I'd just like to throw out some ideas that would make this next story a lot better. They wouldn't be rules, just general guidelines that usually help.
1. Try to focus on one character at a time. I noticed a lot of people tried to overreach in Red Bat. There would be a single paragraph on Gabriel, then that segment would stop, and we'd be on the Rival in another location. Try to give each character group a couple of paragraphs. Write from the perspective of those in the same place for more than one paragraph at a time. You might not get to write about the person you want to all the time, but Red Bat jumped around to the point where people were just throwing in random twists.
2. Give other writers a lead-in. Try not to end your paragraph at a cold spot. In Red Bat there would be pauses, like right before Rose somehow got captured. Don't just say the main character needs to investigate, tell us where he/she plans to start looking. If the next writer knows where you're headed with the story, even if he/she jumps around, they'll be jumping in the right direction.
My Suggested Character
I'd like to throw in a villain later in the story. This character would be a monk, trained to stop violence and diffuse situations around the world. He is known by others as a very intelligent man, someone always in thought. He's always considering ways to prevent conflict - always picturing in his head what actions the people around him will take next. Sometimes, through meditation, those images become almost lifelike.
After a triggered event (an accident related to the main characters or Khopesh), many lives are lost. He goes into deep meditation, trying to figure out what he could have done to prevent it. He reaches a state of enlightenment, and afterwards he can see hallucinations of people, doing things they haven't done yet, saying things they haven't yet said. It drives him mad, ten people would turn into a hundred, walking down the street, or sitting at a corner.
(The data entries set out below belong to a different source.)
(** Families s : I -> R; ℓ^∞_+(I) = nonnegative bounded families. *)
Definition bounded (s : I -> R) : Prop := exists M, forall i, Rabs (s i) <= M.
Definition lpos (s : I -> R) : Prop := (forall i, 0 <= s i) /\ bounded s.

(** sup-norm ‖s‖ = sup_i |s_i| (meaningful for bounded s, I nonempty). *)
Definition linf_norm (s : I -> R) : R :=
  real (Lub_Rbar (fun x => exists i, x = Rabs (s i))).

Definition fle (s t : I -> R) : Prop := forall i, s i <= t i.
Definition oplus (s t : I -> R) : I -> R := fun i => Rmax (s i) (t i).

Definition restr (Idec : forall x y : I, {x = y} + {x <> y})
  (J : list I) (s : I -> R) : I -> R :=
  fun j => if in_dec Idec j J then s j else 0.

Definition vanish_off (J : list I) (s : I -> R) : Prop :=
  forall j, ~ In j J -> s j = 0.

(** weak* convergence of a sequence in ℓ^∞(I): norm-bounded and componentwise *)
Definition wstar_cv (x : nat -> I -> R) (l : I -> R) : Prop :=
  (exists M, forall n i, Rabs (x n i) <= M) /\
  (forall i, is_lim_seq (fun n => x n i) (l i)).

End Defs.

(** class K_∞ of functions R_+ -> R_+ (represented as R -> R, only values
    on R_+ matter) *)
Definition Kinf (g : R -> R) : Prop :=
  g 0 = 0 /\
  (forall x, 0 <= x -> 0 <= g x) /\
  (forall x, 0 <= x -> forall eps, 0 < eps -> exists d, 0 < d /\
      forall y, 0 <= y -> Rabs (y - x) < d -> Rabs (g y - g x) < eps) /\
  (forall x y, 0 <= x -> x < y -> g x < g y) /\
  (forall M, exists x, 0 <= x /\ M < g x).

Definition Gamma {I : Type} (Idec : forall x y : I, {x = y} + {x <> y})
  (Ii : I -> list I) (gam : I -> I -> R -> R) (mu : I -> (I -> R) -> Rbar)
  (s : I -> R) : I -> R :=
  fun i => real (mu i (restr Idec (Ii i) (fun j => gam i j (s j)))).

Definition gain_operator {I : Type} (Idec : forall x y : I, {x = y} + {x <> y})
  (Ii : I -> list I) (gam : I -> I -> R -> R) (mu : I -> (I -> R) -> Rbar)
  : Prop :=
  (forall i, ~ In i (Ii i)) /\
  (forall i j, In j (Ii i) -> Kinf (gam i j)) /\
  (forall r, 0 <= r -> forall eps, 0 < eps -> exists d, 0 < d /\
     forall i j, In j (Ii i) -> forall r', 0 <= r' -> Rabs (r' - r) < d ->
       Rabs (gam i j r' - gam i j r) < eps) /\
  (forall i, exists xi, Kinf xi /\ mu i (fun _ => 0) = Finite 0 /\
     forall s, lpos s -> Rbar_le (Finite (xi (linf_norm s))) (mu i s)) /\
  (forall i s t, lpos s -> lpos t -> fle s t -> Rbar_le (mu i s) (mu i t)) /\
  (forall i (J : list I),
     (forall s, lpos s -> vanish_off J s -> is_finite (mu i s)) /\
     (forall s, lpos s -> vanish_off J s -> forall eps, 0 < eps ->
        exists d, 0 < d /\ forall t, lpos t -> vanish_off J t ->
          linf_norm (fun j => t j - s j) < d ->
          Rabs (real (mu i t) - real (mu i s)) < eps)) /\
  (forall A : (I -> R) -> Prop,
     (forall s, A s -> lpos s) ->
     (exists M, forall s, A s -> linf_norm s <= M) ->
     forall eps, 0 < eps -> exists d, 0 < d /\
       forall s0 s, A s0 -> lpos s -> linf_norm (fun j => s j - s0 j) <= d ->
         forall i, Rabs (real (mu i (restr Idec (Ii i) s))
                         - real (mu i (restr Idec (Ii i) s0))) <= eps).

Definition oplus_MBI {I : Type} (G : (I -> R) -> (I -> R)) : Prop :=
  exists phi, Kinf phi /\
    forall s b, lpos s -> lpos b -> fle s (oplus b (G s)) ->
      linf_norm s <= phi (linf_norm b).

From Pilot Require Import Defs.
From Stdlib Require Import Reals List Lra Classical.
From Coquelicot Require Import Coquelicot.
Open Scope R_scope.

(* The map [Γ^⊕_b s = b ⊕ Γ(s)] ([Goplus b s]) is monotone and componentwise
   sequentially continuous on nonnegative families, and the MBI property bounds every
   bounded post-fixed point [s ≤ Γ^⊕_b s] by φ(‖b‖); a truncation argument extends
   this bound to post-fixed points not known to be bounded, such as the iterates of
   Γ^⊕_b.  Hence the iterates from 0 increase to the least fixed point, and the
   supremum of all bounded post-fixed points is the greatest one (Knaster-Tarski).
   Iterates starting below the least fixed point are squeezed between it and the
   iterates from 0; iterates starting at [s] above the greatest fixed point are
   squeezed between it and the decreasing iterates from the greatest fixed point for
   the input [b ⊕ s].  Only (M2), (M3) and the continuity of the γ_ij are needed;
   countability of the index set plays no role. *)

Definition nonneg {I : Type} (s : I -> R) : Prop := forall i, 0 <= s i.

Lemma Lub_Rbar_real_ub (E : R -> Prop) (B : R) :
  (forall x, E x -> x <= B) -> forall x, E x -> x <= real (Lub_Rbar E).
Proof.
  intros HB x Hx. destruct (Lub_Rbar_correct E) as [Hub Hlub].
  generalize (Hub x Hx) (Hlub (Finite B) HB).
  destruct (Lub_Rbar E); simpl; tauto.
Qed.

Lemma Lub_Rbar_real_least (E : R -> Prop) (x0 c : R) :
  E x0 -> (forall x, E x -> x <= c) -> real (Lub_Rbar E) <= c.
Proof.
  intros Hx0 Hc. destruct (Lub_Rbar_correct E) as [Hub Hlub].
  generalize (Hub x0 Hx0) (Hlub (Finite c) Hc).
  destruct (Lub_Rbar E); simpl; tauto.
Qed.

Lemma linf_norm_ge {I : Type} (s : I -> R) (i : I) :
  Defs.bounded s -> Rabs (s i) <= linf_norm s.
Proof.
  intros [M HM]. apply (Lub_Rbar_real_ub _ M).
  - intros x [j ->]. apply HM.
  - exists i. reflexivity.
Qed.

Lemma linf_norm_le {I : Type} (s : I -> R) (M : R) :
  inhabited I -> (forall i, Rabs (s i) <= M) -> linf_norm s <= M.
Proof.
  intros [i0] HM. apply (Lub_Rbar_real_least _ (Rabs (s i0))).
  - exists i0. reflexivity.
  - intros x [j ->]. apply HM.
Qed.

Lemma lpos_of_le {I : Type} (s : I -> R) (B : R) :
  nonneg s -> (forall i, s i <= B) -> lpos s.
Proof.
  intros Hs HB. split; [exact Hs |].
  exists B. intros i. rewrite Rabs_pos_eq; [apply HB | apply Hs].
Qed.

Lemma Rmax_le_compat (a b x y : R) : a <= b -> x <= y -> Rmax a x <= Rmax b y.
Proof. intros Hab Hxy. unfold Rmax. repeat destruct Rle_dec; lra. Qed.

Lemma lpos_le {I : Type} (s t : I -> R) : nonneg s -> fle s t -> lpos t -> lpos s.
Proof.
  intros Hs Hst [_ [M HM]]. split; [exact Hs |]. exists M. intros i.
  rewrite Rabs_pos_eq by apply Hs.
  apply (Rle_trans _ _ _ (Hst i)), (Rle_trans _ _ _ (Rle_abs _)), HM.
Qed.

Lemma lpos_zero {I : Type} : lpos (fun _ : I => 0).
Proof. apply (lpos_of_le _ 0); intros i; lra. Qed.

Lemma lpos_oplus {I : Type} (s t : I -> R) : lpos s -> lpos t -> lpos (oplus s t).
Proof.
  intros [Hs [Ms HMs]] [Ht [Mt HMt]]. apply (lpos_of_le _ (Rmax Ms Mt)).
  - intros i. apply (Rle_trans _ _ _ (Hs i) (Rmax_l _ _)).
  - intros i. apply Rmax_le_compat; apply (Rle_trans _ _ _ (Rle_abs _)); auto.
Qed.

Lemma vanish_off_bounded {I : Type} (J : list I) (s : I -> R) :
  vanish_off J s -> Defs.bounded s.
Proof.
  intros Hs. set (B := fold_right (fun j acc => Rmax (Rabs (s j)) acc) 0 J).
  assert (HB : 0 <= B /\ forall j, In j J -> Rabs (s j) <= B).
  { subst B. clear Hs. induction J as [| a J [IH0 IH]]; simpl.
    - split; [lra | intros j []].
    - split; [apply (Rle_trans _ _ _ IH0 (Rmax_r _ _)) |].
      intros j [<- | Hj]; [apply Rmax_l |].
      apply (Rle_trans _ _ _ (IH j Hj) (Rmax_r _ _)). }
  exists B. intros i. destruct (classic (In i J)) as [Hi | Hi].
  - apply HB, Hi.
  - rewrite (Hs i Hi), Rabs_R0. apply HB.
Qed.

Lemma eventually_forall_In {I : Type} (J : list I) (P : nat -> I -> Prop) :
  (forall j, In j J -> eventually (fun n => P n j)) ->
  eventually (fun n => forall j, In j J -> P n j).
Proof.
  induction J as [| a J IH]; intros HJ.
  - apply filter_forall. intros n j [].
  - apply (filter_imp (fun n => P n a /\ forall j, In j J -> P n j)).
    + intros n [Ha HP] j [<- | Hj]; auto.
    + apply filter_and; [apply HJ; left; reflexivity |].
      apply IH. intros j Hj. apply HJ. right. exact Hj.
Qed.

Lemma is_lim_seq_Rmax_l (a : R) (u : nat -> R) (l : R) :
  is_lim_seq u l -> is_lim_seq (fun n => Rmax a (u n)) (Rmax a l).
Proof.
  intros Hu. apply is_lim_seq_spec in Hu. apply is_lim_seq_spec. intros eps.
  apply (filter_imp (fun n => Rabs (u n - l) < eps)); [| apply Hu].
  intros n Hn. eapply Rle_lt_trans; [| exact Hn].
  unfold Rmax; repeat destruct Rle_dec; unfold Rabs; repeat destruct Rcase_abs; lra.
Qed.

Lemma is_lim_seq_le_const (u : nat -> R) (l c : R) :
  is_lim_seq u l -> (forall n, u n <= c) -> l <= c.
Proof. intros Hu Hc. exact (is_lim_seq_le u (fun _ => c) l c Hc Hu (is_lim_seq_const c)). Qed.

Lemma is_lim_seq_ge_const (u : nat -> R) (l c : R) :
  is_lim_seq u l -> (forall n, c <= u n) -> c <= l.
Proof. intros Hu Hc. exact (is_lim_seq_le (fun _ => c) u c l Hc (is_lim_seq_const c) Hu). Qed.

Lemma wstar_cv_squeeze {I : Type} (lo u hi : nat -> I -> R) (l : I -> R) (M : R) :
  (forall n, nonneg (lo n)) -> (forall n, fle (lo n) (u n)) -> (forall n, fle (u n) (hi n)) ->
  (forall n i, hi n i <= M) ->
  (forall i, is_lim_seq (fun n => lo n i) (l i)) ->
  (forall i, is_lim_seq (fun n => hi n i) (l i)) ->
  wstar_cv u l.
Proof.
  intros Hlo0 Hlo Hhi HM Hlol Hhil. split.
  - exists M. intros n i. rewrite Rabs_pos_eq.
    + apply (Rle_trans _ _ _ (Hhi n i) (HM n i)).
    + apply (Rle_trans _ _ _ (Hlo0 n i) (Hlo n i)).
  - intros i. apply (is_lim_seq_le_le (fun n => lo n i) _ (fun n => hi n i)).
    + intros n. split; [apply Hlo | apply Hhi].
    + apply Hlol.
    + apply Hhil.
Qed.

Lemma Kinf_le (g : R -> R) (x y : R) : Kinf g -> 0 <= x -> x <= y -> g x <= g y.
Proof.
  intros (_ & _ & _ & Hincr & _) Hx [Hxy | <-]; [left; apply Hincr; lra | lra].
Qed.

Section GainOperator.

Context {I : Type} (Idec : forall x y : I, {x = y} + {x <> y})
  (Ii : I -> list I) (gam : I -> I -> R -> R) (mu : I -> (I -> R) -> Rbar).
Hypothesis Hgain : gain_operator Idec Ii gam mu.

Local Notation Gam := (Gamma Idec Ii gam mu).
Local Notation gain_input s i := (restr Idec (Ii i) (fun j => gam i j (s j))).

Lemma gain_input_vanish_off (s : I -> R) (i : I) : vanish_off (Ii i) (gain_input s i).
Proof.
  intros j Hj. unfold restr. destruct (in_dec Idec j (Ii i)); [contradiction | reflexivity].
Qed.

Lemma gain_input_lpos (s : I -> R) (i : I) : nonneg s -> lpos (gain_input s i).
Proof.
  intros Hs. pose proof Hgain as (_ & HK & _). split.
  - intros j. unfold restr. destruct (in_dec Idec j (Ii i)) as [Hj | _]; [| lra].
    destruct (HK i j Hj) as (_ & Hpos & _). apply Hpos, Hs.
  - apply (vanish_off_bounded (Ii i)), gain_input_vanish_off.
Qed.

Lemma Gamma_finite (s : I -> R) (i : I) : nonneg s -> mu i (gain_input s i) = Finite (Gam s i).
Proof.
  intros Hs. pose proof Hgain as (_ & _ & _ & _ & _ & HM3 & _).
  unfold Gamma. symmetry.
  apply (proj1 (HM3 i (Ii i))); [apply gain_input_lpos, Hs | apply gain_input_vanish_off].
Qed.

Lemma Gamma_mono (s t : I -> R) : nonneg s -> fle s t -> fle (Gam s) (Gam t).
Proof.
  intros Hs Hst i. pose proof Hgain as (_ & HK & _ & _ & HM2 & _).
  assert (Ht : nonneg t) by (intros j; apply (Rle_trans _ _ _ (Hs j) (Hst j))).
  generalize (HM2 i _ _ (gain_input_lpos s i Hs) (gain_input_lpos t i Ht)).
  rewrite (Gamma_finite s i Hs), (Gamma_finite t i Ht). intros HM. apply HM.
  intros j. unfold restr. destruct (in_dec Idec j (Ii i)) as [Hj | _]; [| lra].
  apply (Kinf_le _ _ _ (HK i j Hj) (Hs j) (Hst j)).
Qed.

Lemma Gamma_cont (u : nat -> I -> R) (l : I -> R) :
  inhabited I -> (forall n, nonneg (u n)) -> nonneg l ->
  (forall j, is_lim_seq (fun n => u n j) (l j)) ->
  forall i, is_lim_seq (fun n => Gam (u n) i) (Gam l i).
Proof.
  intros Hne Hu Hl Hlim i. pose proof Hgain as (_ & HK & _ & _ & _ & HM3 & _).
  apply is_lim_seq_spec. intros eps.
  destruct (proj2 (HM3 i (Ii i)) _ (gain_input_lpos l i Hl) (gain_input_vanish_off l i)
              eps (cond_pos eps)) as [d [Hd Hmu]].
  assert (Hclose : eventually (fun n => forall j, In j (Ii i) ->
                     Rabs (gam i j (u n j) - gam i j (l j)) < d / 2)).
  { apply eventually_forall_In. intros j Hj.
    destruct (HK i j Hj) as (_ & _ & Hgam & _).
    destruct (Hgam (l j) (Hl j) (d / 2)) as [d' [Hd' Hgamd]]; [lra |].
    apply (filter_imp (fun n => Rabs (u n j - l j) < d')).
    - intros n Hn. apply Hgamd; [apply Hu | exact Hn].
    - exact (proj2 (is_lim_seq_spec _ _) (Hlim j) (mkposreal d' Hd')). }
  revert Hclose. apply filter_imp. intros n Hn. unfold Gamma.
  apply Hmu; [apply gain_input_lpos, Hu | apply gain_input_vanish_off |].
  apply (Rle_lt_trans _ (d / 2)); [| lra].
  apply linf_norm_le; [exact Hne |]. intros j. unfold restr.
  destruct (in_dec Idec j (Ii i)) as [Hj | _].
  - left. apply Hn, Hj.
  - rewrite Rminus_0_r, Rabs_R0. lra.
Qed.

End GainOperator.

Section OplusMBI.

Context {I : Type} (G : (I -> R) -> I -> R).
Hypothesis G_mono : forall s t, nonneg s -> fle s t -> fle (G s) (G t).
Hypothesis G_cont : forall (u : nat -> I -> R) (l : I -> R),
  (forall n, nonneg (u n)) -> nonneg l -> (forall j, is_lim_seq (fun n => u n j) (l j)) ->
  forall i, is_lim_seq (fun n => G (u n) i) (G l i).
Variable phi : R -> R.
Hypothesis G_MBI : forall s b, lpos s -> lpos b -> fle s (oplus b (G s)) ->
  linf_norm s <= phi (linf_norm b).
He is seen as a mad man, and he can't turn his ability off. The monk realizes the only way to stop the images, is to get rid of the "variables" around him. He becomes dangerous, especially to the main character, who's actions are never predetermined.
I don't know if or when I'd introduce him, but it would be later in the story, after the main characters are fleshed out. The pseudo-future sight would come in handy for lead-ins, and frankly I just think it's awesome.